Information shown START

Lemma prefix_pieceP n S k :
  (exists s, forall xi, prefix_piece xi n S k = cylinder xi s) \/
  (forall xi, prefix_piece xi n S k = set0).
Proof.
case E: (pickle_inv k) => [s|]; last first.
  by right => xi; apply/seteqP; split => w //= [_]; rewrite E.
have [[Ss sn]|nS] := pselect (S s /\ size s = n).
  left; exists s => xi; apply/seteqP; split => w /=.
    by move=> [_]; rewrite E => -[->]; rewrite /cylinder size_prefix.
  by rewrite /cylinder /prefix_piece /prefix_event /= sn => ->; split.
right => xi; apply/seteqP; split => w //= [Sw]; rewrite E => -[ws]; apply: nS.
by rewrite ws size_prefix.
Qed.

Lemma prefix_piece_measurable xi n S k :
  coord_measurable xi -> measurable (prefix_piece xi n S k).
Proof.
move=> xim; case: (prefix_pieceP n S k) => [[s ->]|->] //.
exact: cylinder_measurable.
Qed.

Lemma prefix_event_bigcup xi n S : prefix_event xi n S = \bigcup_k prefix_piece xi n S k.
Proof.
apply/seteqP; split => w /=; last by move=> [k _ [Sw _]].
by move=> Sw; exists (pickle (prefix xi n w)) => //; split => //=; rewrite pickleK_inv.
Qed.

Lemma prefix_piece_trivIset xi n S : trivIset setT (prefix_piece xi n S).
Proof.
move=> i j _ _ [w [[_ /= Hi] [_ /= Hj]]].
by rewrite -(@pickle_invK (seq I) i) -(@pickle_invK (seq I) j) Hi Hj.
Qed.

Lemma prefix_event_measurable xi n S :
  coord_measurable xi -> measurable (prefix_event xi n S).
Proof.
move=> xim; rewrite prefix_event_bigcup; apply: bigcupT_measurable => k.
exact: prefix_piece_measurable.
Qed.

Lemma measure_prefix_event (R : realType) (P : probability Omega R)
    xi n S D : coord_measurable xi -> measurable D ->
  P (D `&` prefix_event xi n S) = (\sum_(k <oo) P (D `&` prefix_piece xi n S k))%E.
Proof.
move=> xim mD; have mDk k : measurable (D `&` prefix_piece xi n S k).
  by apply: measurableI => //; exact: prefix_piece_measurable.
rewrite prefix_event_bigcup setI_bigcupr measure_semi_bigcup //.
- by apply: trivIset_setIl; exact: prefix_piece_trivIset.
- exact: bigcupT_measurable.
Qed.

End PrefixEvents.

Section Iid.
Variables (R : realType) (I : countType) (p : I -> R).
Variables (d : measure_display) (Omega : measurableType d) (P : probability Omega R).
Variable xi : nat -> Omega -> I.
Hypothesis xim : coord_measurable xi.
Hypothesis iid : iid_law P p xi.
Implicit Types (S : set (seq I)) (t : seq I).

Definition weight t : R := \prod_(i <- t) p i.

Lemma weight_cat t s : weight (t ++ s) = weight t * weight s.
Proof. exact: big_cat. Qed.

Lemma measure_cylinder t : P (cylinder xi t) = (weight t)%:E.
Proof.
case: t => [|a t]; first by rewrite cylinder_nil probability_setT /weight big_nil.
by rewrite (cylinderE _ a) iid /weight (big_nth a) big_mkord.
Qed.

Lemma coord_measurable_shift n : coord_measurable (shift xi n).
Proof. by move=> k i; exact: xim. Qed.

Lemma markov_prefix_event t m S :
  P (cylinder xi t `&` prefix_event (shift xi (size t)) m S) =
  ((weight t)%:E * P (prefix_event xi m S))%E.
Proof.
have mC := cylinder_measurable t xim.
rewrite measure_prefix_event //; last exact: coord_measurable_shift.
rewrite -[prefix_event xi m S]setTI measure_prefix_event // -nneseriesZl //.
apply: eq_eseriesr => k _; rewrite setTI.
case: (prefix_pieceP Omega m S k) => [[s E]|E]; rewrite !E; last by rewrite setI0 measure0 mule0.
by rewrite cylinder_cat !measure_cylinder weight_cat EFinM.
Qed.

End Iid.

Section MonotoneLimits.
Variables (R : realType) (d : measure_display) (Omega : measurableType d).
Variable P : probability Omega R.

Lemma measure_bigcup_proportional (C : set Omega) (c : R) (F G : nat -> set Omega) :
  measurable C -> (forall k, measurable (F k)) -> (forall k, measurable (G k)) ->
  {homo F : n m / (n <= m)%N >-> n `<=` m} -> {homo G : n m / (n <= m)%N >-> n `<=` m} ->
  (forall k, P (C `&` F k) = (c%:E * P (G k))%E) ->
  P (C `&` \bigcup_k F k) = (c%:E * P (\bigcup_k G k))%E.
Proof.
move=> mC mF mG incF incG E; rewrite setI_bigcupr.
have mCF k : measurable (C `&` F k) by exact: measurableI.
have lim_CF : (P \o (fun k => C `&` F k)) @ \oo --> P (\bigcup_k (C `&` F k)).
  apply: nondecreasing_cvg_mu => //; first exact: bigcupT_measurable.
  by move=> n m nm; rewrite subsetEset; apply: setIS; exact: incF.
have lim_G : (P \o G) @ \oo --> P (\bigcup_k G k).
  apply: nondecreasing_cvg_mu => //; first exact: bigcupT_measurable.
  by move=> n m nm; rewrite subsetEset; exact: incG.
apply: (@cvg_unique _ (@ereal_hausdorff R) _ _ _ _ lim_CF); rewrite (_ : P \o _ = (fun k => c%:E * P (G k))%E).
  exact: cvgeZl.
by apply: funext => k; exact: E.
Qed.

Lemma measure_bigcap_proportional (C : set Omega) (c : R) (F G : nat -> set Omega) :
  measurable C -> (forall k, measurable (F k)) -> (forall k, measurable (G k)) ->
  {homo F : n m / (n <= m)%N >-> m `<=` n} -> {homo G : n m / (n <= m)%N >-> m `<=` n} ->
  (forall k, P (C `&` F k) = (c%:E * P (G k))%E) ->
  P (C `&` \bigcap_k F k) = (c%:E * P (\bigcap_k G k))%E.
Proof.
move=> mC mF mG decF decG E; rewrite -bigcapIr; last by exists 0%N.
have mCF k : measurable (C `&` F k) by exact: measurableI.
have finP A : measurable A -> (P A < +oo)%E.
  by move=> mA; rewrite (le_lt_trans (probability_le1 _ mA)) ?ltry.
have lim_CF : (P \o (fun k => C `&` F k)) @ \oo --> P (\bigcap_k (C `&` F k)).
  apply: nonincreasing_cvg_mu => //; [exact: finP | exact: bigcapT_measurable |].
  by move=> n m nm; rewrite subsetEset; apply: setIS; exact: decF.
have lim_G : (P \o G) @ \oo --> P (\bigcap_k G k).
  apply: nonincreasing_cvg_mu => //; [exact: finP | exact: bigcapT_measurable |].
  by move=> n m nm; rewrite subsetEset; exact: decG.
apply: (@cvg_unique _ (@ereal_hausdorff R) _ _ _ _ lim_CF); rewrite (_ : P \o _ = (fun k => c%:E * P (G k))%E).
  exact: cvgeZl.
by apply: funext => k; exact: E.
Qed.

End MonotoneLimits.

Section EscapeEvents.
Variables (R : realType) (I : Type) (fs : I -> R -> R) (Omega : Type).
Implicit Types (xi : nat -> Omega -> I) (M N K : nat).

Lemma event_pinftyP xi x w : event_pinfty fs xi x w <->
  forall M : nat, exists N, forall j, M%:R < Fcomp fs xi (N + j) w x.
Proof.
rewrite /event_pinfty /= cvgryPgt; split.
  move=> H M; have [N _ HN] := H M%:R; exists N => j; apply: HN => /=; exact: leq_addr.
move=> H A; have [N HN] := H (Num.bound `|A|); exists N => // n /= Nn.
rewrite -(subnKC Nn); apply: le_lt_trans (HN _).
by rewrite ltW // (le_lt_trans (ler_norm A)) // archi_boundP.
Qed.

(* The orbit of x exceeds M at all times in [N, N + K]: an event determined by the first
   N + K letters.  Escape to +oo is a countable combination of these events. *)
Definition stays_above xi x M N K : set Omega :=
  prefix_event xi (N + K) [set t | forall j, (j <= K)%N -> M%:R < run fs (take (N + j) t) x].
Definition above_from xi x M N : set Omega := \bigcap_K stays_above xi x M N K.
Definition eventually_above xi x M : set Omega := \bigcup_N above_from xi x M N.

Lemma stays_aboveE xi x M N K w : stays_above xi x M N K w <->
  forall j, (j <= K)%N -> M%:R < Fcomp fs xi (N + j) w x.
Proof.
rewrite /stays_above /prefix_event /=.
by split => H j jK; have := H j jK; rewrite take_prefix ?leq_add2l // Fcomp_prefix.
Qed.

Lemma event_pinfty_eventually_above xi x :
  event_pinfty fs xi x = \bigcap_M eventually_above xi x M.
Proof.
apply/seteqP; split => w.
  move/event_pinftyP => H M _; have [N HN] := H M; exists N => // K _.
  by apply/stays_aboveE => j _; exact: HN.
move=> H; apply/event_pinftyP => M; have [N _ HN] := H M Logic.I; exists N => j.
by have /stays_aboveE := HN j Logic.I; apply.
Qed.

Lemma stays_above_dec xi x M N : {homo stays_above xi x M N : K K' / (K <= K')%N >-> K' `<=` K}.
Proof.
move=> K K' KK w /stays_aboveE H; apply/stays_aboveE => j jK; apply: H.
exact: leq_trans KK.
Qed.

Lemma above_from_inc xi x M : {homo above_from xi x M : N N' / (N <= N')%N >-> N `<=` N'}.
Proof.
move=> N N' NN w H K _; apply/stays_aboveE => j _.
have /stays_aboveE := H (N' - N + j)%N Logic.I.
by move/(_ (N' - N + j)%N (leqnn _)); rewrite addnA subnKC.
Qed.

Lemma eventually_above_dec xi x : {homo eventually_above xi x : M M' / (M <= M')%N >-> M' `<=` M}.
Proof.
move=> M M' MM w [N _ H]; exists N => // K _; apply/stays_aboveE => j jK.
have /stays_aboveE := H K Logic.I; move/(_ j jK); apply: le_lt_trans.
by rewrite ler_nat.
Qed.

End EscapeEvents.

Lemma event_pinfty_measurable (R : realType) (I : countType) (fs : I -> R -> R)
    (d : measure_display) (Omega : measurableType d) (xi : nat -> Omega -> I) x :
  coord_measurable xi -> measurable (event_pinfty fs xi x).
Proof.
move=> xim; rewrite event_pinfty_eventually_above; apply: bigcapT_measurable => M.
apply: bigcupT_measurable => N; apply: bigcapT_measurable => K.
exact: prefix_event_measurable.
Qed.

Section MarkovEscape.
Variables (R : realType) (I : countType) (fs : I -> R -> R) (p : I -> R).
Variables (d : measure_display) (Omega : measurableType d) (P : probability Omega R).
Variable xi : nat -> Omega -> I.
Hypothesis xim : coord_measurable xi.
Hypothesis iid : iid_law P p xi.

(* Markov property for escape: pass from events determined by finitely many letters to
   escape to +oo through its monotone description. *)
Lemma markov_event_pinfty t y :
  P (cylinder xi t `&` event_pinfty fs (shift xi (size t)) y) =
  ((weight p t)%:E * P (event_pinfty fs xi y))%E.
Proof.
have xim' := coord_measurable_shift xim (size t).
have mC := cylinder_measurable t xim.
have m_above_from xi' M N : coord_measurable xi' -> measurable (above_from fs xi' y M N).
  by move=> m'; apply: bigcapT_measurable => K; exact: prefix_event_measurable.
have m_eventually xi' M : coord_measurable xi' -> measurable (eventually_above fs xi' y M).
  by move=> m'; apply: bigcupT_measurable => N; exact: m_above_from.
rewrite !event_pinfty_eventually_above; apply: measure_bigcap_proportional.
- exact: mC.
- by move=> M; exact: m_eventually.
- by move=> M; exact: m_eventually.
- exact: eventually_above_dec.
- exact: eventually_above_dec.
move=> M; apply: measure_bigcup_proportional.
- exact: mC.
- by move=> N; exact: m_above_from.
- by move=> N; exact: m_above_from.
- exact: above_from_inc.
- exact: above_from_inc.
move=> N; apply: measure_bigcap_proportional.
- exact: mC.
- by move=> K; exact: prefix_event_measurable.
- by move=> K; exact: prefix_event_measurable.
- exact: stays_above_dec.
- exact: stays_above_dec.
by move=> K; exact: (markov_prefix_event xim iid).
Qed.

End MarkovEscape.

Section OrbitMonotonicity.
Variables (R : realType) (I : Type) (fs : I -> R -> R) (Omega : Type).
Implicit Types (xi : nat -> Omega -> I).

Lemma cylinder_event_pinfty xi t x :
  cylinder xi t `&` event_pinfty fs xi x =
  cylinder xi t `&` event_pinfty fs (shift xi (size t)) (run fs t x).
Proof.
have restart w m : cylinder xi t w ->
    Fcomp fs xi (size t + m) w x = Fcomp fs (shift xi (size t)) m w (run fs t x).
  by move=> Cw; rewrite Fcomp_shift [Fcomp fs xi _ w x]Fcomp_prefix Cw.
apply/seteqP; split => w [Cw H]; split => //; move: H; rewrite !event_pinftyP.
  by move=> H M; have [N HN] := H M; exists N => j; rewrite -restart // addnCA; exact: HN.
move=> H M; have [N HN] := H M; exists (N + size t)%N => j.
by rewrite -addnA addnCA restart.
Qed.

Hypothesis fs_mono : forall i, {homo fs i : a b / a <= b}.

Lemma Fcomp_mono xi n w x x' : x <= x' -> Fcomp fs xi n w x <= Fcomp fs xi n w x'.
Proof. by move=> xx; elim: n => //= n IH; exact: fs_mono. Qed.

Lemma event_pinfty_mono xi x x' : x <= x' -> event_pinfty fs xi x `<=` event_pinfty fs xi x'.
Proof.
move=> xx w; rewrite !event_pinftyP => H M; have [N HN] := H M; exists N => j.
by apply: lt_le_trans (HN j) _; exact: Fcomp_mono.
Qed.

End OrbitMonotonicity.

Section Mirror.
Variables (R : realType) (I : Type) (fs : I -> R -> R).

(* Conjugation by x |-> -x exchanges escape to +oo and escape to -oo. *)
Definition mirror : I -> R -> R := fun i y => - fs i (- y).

Information shown END
Information shown START

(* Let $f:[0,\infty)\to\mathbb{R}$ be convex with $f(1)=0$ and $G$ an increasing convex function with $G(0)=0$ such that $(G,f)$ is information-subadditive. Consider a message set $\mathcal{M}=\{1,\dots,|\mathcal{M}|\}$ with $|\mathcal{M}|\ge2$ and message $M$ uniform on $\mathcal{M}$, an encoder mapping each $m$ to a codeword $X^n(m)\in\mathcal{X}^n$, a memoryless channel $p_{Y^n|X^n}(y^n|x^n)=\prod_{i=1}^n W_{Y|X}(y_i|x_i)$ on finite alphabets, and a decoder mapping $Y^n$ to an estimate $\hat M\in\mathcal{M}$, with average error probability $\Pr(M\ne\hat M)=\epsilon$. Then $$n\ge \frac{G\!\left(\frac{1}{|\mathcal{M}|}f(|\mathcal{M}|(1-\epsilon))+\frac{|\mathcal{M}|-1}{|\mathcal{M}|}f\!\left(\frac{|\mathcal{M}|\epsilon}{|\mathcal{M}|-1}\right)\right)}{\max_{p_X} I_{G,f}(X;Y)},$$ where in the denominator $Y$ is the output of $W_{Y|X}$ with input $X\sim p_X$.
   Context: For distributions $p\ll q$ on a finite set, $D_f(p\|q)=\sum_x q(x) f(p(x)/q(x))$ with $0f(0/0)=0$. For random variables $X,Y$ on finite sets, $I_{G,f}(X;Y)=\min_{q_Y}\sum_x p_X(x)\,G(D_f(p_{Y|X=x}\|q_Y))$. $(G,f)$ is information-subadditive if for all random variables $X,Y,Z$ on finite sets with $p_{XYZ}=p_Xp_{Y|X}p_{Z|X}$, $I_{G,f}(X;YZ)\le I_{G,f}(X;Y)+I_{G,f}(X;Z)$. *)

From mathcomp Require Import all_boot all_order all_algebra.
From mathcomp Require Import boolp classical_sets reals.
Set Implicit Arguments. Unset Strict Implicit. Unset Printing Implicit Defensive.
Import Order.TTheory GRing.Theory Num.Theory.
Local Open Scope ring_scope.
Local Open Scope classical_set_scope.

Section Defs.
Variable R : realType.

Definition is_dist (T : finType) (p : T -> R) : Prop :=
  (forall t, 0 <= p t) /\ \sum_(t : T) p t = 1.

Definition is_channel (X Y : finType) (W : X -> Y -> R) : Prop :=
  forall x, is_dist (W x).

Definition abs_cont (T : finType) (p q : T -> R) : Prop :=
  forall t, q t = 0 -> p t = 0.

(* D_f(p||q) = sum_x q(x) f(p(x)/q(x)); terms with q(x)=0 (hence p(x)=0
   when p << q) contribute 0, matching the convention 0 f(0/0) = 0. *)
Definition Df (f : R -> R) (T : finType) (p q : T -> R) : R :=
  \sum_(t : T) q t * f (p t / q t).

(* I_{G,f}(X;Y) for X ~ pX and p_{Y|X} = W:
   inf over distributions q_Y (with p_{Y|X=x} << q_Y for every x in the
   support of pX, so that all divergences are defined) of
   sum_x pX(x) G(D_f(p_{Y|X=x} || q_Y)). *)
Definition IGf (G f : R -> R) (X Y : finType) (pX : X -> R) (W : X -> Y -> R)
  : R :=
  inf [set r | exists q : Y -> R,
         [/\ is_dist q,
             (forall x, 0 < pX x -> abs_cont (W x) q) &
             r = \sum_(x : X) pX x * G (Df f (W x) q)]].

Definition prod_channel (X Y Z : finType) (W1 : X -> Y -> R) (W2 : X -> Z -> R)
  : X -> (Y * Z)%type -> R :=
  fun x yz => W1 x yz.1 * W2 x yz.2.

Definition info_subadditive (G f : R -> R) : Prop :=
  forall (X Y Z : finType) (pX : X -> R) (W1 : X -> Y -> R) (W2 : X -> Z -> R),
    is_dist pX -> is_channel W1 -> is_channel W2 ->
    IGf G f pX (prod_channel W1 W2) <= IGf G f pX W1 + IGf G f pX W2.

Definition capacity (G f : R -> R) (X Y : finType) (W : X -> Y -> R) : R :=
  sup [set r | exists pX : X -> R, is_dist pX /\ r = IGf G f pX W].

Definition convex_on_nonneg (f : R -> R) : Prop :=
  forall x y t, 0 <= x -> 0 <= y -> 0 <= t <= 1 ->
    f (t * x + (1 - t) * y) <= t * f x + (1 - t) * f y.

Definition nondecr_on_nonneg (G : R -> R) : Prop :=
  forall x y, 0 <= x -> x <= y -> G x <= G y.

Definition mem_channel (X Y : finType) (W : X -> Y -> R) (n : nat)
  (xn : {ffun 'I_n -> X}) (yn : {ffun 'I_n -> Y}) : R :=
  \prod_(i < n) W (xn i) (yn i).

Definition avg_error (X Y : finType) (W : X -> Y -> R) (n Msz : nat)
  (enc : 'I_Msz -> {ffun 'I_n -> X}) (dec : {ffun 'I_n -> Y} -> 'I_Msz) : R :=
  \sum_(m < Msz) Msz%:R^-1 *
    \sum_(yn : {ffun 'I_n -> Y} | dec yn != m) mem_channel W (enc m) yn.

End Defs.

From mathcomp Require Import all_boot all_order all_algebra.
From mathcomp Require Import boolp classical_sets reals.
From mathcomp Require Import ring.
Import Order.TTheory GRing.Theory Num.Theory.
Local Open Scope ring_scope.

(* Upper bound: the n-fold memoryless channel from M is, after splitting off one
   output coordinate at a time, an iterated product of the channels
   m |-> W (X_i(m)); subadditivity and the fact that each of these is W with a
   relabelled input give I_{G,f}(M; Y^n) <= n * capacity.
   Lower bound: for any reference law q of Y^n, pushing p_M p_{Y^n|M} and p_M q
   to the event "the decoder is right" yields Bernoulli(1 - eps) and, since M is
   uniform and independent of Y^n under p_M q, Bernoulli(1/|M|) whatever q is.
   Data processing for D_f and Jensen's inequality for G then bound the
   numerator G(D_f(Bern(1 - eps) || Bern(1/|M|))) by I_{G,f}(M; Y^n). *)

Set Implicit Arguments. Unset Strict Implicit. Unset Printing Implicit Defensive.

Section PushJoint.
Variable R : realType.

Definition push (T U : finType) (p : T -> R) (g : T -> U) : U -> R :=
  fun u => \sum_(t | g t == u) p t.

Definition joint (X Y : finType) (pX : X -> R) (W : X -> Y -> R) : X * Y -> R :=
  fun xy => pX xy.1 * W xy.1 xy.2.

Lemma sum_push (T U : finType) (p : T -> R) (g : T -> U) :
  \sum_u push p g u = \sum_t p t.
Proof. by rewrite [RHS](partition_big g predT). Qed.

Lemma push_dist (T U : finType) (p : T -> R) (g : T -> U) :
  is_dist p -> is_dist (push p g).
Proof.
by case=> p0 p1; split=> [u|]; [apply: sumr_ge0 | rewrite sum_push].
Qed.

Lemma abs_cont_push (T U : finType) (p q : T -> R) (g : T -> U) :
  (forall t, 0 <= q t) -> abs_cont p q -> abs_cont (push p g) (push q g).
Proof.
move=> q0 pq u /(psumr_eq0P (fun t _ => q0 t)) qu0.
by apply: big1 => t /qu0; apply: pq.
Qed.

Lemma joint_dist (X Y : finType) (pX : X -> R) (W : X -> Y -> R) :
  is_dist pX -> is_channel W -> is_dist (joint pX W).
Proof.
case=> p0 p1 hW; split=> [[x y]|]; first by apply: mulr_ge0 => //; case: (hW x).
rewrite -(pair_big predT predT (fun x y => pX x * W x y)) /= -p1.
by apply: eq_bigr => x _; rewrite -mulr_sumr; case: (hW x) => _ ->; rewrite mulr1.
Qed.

Information shown END

### [What this task involves]
Both the line containing "Lemma prefix_pieceP n" and the line containing "left; exists s" belong in the answer. Print them and every line above that falls between them exactly, and no others.

### [Answer space]
Lemma prefix_pieceP n S k :
  (exists s, forall xi, prefix_piece xi n S k = cylinder xi s) \/
  (forall xi, prefix_piece xi n S k = set0).
Proof.
case E: (pickle_inv k) => [s|]; last first.
  by right => xi; apply/seteqP; split => w //= [_]; rewrite E.
have [[Ss sn]|nS] := pselect (S s /\ size s = n).
  left; exists s => xi; apply/seteqP; split => w /=.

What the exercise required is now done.